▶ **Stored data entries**

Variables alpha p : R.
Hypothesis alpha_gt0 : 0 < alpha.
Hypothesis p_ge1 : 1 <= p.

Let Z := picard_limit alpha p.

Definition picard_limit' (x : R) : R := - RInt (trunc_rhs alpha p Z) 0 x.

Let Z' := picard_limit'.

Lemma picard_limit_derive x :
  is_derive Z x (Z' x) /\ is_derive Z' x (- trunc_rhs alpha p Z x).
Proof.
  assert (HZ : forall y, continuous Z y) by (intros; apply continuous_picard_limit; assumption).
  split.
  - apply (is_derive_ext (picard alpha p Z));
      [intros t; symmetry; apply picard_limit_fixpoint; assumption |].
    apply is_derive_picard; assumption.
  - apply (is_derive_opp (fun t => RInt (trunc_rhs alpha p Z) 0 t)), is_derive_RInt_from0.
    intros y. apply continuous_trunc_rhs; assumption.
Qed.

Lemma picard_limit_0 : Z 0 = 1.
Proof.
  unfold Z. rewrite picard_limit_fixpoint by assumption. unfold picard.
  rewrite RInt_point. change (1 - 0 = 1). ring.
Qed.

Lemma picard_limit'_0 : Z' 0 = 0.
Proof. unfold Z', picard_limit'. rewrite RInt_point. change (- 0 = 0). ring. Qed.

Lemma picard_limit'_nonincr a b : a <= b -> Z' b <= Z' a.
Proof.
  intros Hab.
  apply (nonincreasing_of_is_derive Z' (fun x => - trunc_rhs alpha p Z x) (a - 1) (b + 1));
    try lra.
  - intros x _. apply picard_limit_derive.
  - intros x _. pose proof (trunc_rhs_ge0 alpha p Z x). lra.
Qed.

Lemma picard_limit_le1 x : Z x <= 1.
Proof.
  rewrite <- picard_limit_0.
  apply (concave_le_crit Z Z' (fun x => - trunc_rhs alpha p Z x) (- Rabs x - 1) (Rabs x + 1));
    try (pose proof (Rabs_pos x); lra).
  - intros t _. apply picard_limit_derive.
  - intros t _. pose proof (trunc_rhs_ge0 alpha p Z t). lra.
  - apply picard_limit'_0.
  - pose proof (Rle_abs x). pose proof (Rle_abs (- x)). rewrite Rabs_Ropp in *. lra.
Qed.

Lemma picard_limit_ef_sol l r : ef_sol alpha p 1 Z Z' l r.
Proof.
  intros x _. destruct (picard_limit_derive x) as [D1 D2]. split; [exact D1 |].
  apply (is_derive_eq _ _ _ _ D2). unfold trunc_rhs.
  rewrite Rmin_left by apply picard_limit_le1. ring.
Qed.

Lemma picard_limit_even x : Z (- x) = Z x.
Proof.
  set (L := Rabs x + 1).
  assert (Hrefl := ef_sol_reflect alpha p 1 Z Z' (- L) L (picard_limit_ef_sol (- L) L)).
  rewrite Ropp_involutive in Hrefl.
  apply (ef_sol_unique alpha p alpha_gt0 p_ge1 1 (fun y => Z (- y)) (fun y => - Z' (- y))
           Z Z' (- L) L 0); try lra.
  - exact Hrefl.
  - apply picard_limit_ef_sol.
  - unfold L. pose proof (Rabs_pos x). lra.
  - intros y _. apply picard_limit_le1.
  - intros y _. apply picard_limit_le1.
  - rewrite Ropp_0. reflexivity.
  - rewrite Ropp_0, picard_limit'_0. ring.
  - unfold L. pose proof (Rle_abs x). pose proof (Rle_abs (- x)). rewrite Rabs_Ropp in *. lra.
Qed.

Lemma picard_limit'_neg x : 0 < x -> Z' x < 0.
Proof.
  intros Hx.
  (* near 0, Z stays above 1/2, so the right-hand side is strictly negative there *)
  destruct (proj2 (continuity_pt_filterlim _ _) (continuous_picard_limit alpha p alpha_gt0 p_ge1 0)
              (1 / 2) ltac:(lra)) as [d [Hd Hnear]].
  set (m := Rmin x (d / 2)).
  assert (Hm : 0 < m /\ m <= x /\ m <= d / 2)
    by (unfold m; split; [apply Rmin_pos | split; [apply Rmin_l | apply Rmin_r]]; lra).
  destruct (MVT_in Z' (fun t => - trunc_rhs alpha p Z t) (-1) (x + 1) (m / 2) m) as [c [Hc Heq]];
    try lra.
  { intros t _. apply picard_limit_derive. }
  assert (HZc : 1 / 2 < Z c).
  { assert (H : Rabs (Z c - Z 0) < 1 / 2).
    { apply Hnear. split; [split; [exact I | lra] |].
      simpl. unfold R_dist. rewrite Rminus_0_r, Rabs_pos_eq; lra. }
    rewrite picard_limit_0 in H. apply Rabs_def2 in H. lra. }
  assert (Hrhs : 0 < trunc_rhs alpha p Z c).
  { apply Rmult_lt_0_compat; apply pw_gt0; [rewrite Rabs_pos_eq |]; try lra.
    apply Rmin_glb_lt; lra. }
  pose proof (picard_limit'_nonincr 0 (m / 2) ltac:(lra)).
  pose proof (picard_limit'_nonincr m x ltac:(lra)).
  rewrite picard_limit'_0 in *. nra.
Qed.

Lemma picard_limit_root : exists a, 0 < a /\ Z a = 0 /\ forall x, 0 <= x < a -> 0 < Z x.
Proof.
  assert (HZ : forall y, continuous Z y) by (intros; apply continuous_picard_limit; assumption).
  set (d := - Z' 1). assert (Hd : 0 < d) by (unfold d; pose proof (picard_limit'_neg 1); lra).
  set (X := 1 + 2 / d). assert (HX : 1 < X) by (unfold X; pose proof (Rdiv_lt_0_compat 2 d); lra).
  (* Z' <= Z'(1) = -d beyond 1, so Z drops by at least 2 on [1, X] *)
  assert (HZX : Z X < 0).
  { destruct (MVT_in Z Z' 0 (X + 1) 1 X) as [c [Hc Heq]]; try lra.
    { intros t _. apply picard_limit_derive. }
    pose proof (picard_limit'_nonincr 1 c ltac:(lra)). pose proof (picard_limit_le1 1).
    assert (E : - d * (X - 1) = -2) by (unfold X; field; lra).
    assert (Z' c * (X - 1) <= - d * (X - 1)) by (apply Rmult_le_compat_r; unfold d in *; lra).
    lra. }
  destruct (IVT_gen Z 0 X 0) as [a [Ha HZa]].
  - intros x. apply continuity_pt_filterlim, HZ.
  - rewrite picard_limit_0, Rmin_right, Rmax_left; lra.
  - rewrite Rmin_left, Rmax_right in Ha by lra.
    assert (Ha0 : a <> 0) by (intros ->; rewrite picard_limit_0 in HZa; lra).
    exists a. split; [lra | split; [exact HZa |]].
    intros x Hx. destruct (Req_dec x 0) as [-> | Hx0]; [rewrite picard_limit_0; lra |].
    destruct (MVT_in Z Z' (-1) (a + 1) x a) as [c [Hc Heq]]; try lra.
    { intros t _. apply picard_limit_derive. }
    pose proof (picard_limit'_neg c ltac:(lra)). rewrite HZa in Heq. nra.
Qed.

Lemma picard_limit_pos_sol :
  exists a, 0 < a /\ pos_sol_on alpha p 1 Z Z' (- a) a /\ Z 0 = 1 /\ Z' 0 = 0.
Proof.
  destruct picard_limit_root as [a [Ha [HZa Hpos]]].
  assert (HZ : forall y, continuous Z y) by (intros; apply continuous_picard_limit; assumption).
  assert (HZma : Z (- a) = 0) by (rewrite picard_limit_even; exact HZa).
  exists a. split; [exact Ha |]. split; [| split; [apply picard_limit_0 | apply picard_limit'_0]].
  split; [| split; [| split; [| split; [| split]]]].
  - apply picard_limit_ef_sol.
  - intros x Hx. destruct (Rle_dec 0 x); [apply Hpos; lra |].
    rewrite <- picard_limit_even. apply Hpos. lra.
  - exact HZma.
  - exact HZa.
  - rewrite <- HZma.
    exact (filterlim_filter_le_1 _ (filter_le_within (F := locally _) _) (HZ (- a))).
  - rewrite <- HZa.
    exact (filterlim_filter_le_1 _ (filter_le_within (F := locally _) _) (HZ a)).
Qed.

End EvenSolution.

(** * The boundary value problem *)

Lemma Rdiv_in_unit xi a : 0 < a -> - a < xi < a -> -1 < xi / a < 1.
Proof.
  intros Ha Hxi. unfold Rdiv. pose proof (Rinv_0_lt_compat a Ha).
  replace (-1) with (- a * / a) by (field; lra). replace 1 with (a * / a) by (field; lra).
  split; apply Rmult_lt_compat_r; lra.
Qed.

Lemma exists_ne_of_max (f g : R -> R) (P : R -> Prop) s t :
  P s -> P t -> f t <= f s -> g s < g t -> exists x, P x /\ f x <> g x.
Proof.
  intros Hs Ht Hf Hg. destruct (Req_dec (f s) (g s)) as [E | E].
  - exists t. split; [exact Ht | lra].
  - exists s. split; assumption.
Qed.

* * *

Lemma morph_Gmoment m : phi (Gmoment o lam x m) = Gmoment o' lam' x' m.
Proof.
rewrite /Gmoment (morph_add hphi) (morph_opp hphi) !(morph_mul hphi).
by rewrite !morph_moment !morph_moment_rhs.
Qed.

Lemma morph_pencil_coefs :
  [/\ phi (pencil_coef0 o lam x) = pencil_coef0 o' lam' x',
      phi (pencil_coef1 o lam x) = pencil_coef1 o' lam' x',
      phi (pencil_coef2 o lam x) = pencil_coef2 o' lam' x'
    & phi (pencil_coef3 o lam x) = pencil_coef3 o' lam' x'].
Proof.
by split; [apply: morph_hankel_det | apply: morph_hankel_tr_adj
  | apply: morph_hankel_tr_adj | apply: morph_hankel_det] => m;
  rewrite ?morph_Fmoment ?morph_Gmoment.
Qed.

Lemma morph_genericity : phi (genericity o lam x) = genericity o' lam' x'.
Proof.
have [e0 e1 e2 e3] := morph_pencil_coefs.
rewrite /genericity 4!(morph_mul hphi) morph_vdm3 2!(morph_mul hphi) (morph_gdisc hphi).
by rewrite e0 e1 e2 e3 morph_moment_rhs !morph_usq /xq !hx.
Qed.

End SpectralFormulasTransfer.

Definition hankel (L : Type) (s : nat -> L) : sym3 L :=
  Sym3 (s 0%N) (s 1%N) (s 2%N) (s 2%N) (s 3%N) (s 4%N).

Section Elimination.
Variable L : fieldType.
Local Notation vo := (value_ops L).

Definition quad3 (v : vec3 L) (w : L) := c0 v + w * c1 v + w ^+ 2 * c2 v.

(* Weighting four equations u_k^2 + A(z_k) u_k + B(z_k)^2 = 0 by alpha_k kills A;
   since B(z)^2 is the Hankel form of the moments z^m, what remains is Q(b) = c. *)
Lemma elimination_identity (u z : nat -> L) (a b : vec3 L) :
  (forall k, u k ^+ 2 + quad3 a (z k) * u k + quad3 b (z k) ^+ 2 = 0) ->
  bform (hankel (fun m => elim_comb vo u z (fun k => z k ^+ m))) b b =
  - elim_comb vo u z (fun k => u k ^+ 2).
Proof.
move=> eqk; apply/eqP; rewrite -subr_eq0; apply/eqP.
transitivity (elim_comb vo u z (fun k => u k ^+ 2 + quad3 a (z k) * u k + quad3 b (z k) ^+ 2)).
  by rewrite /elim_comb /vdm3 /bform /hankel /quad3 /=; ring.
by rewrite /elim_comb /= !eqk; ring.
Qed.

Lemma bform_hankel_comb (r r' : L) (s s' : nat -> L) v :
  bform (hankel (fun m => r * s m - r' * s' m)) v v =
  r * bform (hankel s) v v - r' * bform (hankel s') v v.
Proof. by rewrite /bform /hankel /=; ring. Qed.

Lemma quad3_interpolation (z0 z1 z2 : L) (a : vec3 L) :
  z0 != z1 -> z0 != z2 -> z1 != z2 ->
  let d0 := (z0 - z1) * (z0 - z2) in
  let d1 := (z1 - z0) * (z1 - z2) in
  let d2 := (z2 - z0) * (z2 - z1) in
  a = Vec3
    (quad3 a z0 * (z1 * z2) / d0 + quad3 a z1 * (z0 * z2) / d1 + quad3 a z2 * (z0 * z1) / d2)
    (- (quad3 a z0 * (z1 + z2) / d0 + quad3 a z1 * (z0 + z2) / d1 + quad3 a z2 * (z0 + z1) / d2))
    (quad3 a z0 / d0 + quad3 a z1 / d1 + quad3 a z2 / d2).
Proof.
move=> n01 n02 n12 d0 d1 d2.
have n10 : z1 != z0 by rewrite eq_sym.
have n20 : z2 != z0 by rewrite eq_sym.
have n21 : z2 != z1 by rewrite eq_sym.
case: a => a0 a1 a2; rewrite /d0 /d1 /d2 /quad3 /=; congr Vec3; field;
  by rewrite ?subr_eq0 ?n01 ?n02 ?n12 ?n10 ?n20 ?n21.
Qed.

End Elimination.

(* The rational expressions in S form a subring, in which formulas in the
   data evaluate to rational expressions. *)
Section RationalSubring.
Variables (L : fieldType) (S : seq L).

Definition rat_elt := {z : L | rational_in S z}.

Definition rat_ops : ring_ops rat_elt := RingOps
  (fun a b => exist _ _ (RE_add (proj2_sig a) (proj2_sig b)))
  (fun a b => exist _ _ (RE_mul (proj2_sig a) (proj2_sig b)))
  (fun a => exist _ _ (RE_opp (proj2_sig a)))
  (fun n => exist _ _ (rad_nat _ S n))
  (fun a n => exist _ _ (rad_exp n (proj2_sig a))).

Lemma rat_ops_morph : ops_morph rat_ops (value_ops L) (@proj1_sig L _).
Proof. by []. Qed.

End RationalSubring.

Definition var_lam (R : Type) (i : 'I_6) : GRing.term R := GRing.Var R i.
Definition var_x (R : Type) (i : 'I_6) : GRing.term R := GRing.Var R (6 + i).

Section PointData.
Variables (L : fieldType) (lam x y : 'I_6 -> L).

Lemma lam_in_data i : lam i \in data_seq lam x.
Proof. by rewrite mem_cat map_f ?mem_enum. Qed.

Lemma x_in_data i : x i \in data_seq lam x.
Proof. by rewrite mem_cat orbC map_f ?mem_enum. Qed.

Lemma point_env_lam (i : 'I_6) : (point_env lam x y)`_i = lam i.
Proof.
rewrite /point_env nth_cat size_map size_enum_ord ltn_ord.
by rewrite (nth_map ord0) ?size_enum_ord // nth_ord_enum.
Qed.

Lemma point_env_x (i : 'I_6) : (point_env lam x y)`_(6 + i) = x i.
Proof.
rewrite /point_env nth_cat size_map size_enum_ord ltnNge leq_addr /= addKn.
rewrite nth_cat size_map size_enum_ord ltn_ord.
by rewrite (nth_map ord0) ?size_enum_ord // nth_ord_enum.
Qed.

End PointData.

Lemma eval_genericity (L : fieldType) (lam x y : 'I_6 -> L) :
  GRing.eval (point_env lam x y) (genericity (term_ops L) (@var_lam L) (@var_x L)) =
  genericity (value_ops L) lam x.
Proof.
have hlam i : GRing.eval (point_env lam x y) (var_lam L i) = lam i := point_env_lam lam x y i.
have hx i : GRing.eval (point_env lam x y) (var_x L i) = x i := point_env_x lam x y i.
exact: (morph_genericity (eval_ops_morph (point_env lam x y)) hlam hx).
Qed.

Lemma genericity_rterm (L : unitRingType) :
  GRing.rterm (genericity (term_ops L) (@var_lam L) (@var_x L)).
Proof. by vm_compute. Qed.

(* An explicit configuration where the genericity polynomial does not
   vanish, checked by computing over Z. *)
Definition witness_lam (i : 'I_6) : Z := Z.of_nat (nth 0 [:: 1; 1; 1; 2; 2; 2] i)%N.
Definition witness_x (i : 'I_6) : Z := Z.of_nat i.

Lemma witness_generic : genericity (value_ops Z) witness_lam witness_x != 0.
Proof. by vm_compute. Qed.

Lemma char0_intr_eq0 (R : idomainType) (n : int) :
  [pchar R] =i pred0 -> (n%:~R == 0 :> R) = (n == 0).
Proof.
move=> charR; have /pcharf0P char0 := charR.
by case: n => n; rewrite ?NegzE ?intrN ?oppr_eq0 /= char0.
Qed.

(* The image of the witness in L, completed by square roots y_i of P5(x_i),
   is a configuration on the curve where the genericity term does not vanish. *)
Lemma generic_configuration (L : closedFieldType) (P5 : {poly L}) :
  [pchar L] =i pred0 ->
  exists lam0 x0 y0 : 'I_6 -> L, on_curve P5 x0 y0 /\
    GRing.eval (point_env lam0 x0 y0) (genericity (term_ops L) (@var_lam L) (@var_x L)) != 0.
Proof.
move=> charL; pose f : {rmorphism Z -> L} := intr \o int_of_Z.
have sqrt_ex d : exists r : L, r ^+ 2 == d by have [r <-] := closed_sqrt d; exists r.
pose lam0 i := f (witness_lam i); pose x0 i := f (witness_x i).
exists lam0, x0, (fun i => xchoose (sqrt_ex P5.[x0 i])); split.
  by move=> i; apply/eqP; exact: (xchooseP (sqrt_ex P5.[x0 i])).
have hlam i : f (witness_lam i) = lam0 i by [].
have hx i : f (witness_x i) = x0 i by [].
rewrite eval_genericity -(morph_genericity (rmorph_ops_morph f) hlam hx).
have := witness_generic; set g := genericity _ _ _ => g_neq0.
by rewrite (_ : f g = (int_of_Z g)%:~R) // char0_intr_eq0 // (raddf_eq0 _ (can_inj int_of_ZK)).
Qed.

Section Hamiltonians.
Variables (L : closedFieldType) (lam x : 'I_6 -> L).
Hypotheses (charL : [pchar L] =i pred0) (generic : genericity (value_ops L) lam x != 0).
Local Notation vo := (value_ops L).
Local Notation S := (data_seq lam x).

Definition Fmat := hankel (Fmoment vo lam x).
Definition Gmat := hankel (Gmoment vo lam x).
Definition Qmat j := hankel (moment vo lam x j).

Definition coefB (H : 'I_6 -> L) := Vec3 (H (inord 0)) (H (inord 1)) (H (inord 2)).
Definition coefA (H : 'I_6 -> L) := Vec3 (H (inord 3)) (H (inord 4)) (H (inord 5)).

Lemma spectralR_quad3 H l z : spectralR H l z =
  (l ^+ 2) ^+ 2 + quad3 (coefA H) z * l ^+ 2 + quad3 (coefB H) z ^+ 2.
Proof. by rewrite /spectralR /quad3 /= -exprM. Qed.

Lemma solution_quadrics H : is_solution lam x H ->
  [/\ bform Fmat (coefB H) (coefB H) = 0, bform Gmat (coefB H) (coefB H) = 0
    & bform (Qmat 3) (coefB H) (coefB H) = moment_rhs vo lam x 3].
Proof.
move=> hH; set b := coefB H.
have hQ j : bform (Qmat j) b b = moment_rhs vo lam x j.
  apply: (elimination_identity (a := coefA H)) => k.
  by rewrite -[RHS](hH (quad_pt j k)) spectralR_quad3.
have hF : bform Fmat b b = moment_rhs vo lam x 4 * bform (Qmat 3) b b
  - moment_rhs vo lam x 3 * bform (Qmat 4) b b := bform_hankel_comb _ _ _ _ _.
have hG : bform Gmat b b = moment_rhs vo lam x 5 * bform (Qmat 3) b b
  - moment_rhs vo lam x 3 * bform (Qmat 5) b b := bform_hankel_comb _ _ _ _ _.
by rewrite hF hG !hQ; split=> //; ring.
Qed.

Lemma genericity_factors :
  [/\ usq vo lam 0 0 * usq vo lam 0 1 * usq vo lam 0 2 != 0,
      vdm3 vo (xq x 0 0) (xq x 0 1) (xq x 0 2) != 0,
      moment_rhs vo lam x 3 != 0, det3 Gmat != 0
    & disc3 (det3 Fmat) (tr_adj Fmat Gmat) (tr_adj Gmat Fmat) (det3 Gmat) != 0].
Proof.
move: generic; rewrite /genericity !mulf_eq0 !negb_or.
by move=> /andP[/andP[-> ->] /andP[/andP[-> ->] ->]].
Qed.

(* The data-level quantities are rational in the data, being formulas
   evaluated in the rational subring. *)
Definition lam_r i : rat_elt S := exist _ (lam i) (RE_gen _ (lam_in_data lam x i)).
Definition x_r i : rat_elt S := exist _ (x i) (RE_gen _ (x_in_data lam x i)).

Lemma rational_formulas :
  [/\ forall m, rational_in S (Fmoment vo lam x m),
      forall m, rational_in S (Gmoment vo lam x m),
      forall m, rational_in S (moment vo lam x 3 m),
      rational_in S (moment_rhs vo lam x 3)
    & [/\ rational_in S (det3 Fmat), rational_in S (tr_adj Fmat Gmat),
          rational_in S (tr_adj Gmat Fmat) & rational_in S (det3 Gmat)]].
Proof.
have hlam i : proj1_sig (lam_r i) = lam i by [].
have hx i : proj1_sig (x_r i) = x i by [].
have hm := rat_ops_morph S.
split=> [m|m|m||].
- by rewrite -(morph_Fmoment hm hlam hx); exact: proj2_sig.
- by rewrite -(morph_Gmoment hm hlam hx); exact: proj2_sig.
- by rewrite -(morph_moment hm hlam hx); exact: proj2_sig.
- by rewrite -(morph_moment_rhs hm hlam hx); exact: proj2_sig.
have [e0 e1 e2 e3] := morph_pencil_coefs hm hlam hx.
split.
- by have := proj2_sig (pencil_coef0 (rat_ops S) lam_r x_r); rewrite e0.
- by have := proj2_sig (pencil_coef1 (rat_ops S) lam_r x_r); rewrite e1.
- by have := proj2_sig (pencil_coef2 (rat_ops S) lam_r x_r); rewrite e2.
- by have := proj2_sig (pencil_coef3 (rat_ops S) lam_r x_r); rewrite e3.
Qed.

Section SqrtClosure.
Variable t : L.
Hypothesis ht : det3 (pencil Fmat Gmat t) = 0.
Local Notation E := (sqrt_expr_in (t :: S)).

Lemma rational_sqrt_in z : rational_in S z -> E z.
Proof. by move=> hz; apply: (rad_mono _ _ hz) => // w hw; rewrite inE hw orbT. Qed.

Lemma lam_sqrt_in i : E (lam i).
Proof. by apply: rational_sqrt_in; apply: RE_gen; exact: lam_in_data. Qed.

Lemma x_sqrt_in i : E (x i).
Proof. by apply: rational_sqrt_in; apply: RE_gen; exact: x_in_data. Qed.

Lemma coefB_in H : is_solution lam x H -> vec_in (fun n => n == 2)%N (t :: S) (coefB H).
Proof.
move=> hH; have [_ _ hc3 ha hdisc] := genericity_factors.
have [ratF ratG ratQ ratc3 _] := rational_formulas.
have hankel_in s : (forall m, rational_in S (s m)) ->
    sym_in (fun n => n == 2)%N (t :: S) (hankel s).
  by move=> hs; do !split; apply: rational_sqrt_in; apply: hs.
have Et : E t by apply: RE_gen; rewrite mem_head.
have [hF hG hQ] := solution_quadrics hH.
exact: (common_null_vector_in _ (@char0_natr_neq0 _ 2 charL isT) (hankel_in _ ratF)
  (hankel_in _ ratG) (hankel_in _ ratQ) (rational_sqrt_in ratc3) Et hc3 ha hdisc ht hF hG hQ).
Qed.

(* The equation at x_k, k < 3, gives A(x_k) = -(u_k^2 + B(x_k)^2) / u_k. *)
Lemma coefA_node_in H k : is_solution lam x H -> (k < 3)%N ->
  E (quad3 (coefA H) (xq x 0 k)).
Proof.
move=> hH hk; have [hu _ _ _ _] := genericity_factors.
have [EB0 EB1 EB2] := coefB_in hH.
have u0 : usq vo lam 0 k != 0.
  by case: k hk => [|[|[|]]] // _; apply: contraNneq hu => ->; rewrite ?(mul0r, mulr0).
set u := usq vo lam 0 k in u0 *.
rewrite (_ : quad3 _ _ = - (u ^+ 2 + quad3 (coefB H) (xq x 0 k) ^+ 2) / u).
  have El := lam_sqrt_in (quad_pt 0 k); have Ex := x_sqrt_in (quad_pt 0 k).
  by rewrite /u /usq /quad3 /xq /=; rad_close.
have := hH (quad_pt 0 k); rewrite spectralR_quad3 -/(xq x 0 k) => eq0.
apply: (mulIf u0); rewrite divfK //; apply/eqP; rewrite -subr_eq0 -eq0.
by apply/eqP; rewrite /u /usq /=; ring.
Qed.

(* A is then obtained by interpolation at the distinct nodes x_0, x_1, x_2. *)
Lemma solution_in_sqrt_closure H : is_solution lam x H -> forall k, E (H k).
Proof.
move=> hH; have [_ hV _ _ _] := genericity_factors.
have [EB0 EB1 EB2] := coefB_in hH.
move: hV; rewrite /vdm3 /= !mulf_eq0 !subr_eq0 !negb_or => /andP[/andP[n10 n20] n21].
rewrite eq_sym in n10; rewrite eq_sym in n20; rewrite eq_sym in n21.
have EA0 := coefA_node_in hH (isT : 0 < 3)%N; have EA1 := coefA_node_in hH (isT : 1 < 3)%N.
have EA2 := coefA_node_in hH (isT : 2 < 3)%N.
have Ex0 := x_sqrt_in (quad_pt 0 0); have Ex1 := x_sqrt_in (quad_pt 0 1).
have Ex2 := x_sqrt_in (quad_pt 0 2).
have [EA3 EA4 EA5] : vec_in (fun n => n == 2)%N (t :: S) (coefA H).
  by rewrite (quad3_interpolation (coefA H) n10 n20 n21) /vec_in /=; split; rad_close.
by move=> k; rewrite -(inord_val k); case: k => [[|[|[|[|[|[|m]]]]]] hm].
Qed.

▶ **Exercise description**
The line above containing "Variables alpha p : R.", the line containing "rewrite Ropp_involutive in Hrefl.", and every line between them are to be transcribed exactly; no other line is wanted.

▶ **Your response**
Variables alpha p : R.
Hypothesis alpha_gt0 : 0 < alpha.
Hypothesis p_ge1 : 1 <= p.

Let Z := picard_limit alpha p.

Definition picard_limit' (x : R) : R := - RInt (trunc_rhs alpha p Z) 0 x.

Let Z' := picard_limit'.

Lemma picard_limit_derive x :
  is_derive Z x (Z' x) /\ is_derive Z' x (- trunc_rhs alpha p Z x).
Proof.
  assert (HZ : forall y, continuous Z y) by (intros; apply continuous_picard_limit; assumption).
  split.
  - apply (is_derive_ext (picard alpha p Z));
      [intros t; symmetry; apply picard_limit_fixpoint; assumption |].
    apply is_derive_picard; assumption.
  - apply (is_derive_opp (fun t => RInt (trunc_rhs alpha p Z) 0 t)), is_derive_RInt_from0.
    intros y. apply continuous_trunc_rhs; assumption.
Qed.

Lemma picard_limit_0 : Z 0 = 1.
Proof.
  unfold Z. rewrite picard_limit_fixpoint by assumption. unfold picard.
  rewrite RInt_point. change (1 - 0 = 1). ring.
Qed.

Lemma picard_limit'_0 : Z' 0 = 0.
Proof. unfold Z', picard_limit'. rewrite RInt_point. change (- 0 = 0). ring. Qed.

Lemma picard_limit'_nonincr a b : a <= b -> Z' b <= Z' a.
Proof.
  intros Hab.
  apply (nonincreasing_of_is_derive Z' (fun x => - trunc_rhs alpha p Z x) (a - 1) (b + 1));
    try lra.
  - intros x _. apply picard_limit_derive.
  - intros x _. pose proof (trunc_rhs_ge0 alpha p Z x). lra.
Qed.

Lemma picard_limit_le1 x : Z x <= 1.
Proof.
  rewrite <- picard_limit_0.
  apply (concave_le_crit Z Z' (fun x => - trunc_rhs alpha p Z x) (- Rabs x - 1) (Rabs x + 1));
    try (pose proof (Rabs_pos x); lra).
  - intros t _. apply picard_limit_derive.
  - intros t _. pose proof (trunc_rhs_ge0 alpha p Z t). lra.
  - apply picard_limit'_0.
  - pose proof (Rle_abs x). pose proof (Rle_abs (- x)). rewrite Rabs_Ropp in *. lra.
Qed.

Lemma picard_limit_ef_sol l r : ef_sol alpha p 1 Z Z' l r.
Proof.
  intros x _. destruct (picard_limit_derive x) as [D1 D2]. split; [exact D1 |].
  apply (is_derive_eq _ _ _ _ D2). unfold trunc_rhs.
  rewrite Rmin_left by apply picard_limit_le1. ring.
Qed.

Lemma picard_limit_even x : Z (- x) = Z x.
Proof.
  set (L := Rabs x + 1).
  assert (Hrefl := ef_sol_reflect alpha p 1 Z Z' (- L) L (picard_limit_ef_sol (- L) L)).
  rewrite Ropp_involutive in Hrefl.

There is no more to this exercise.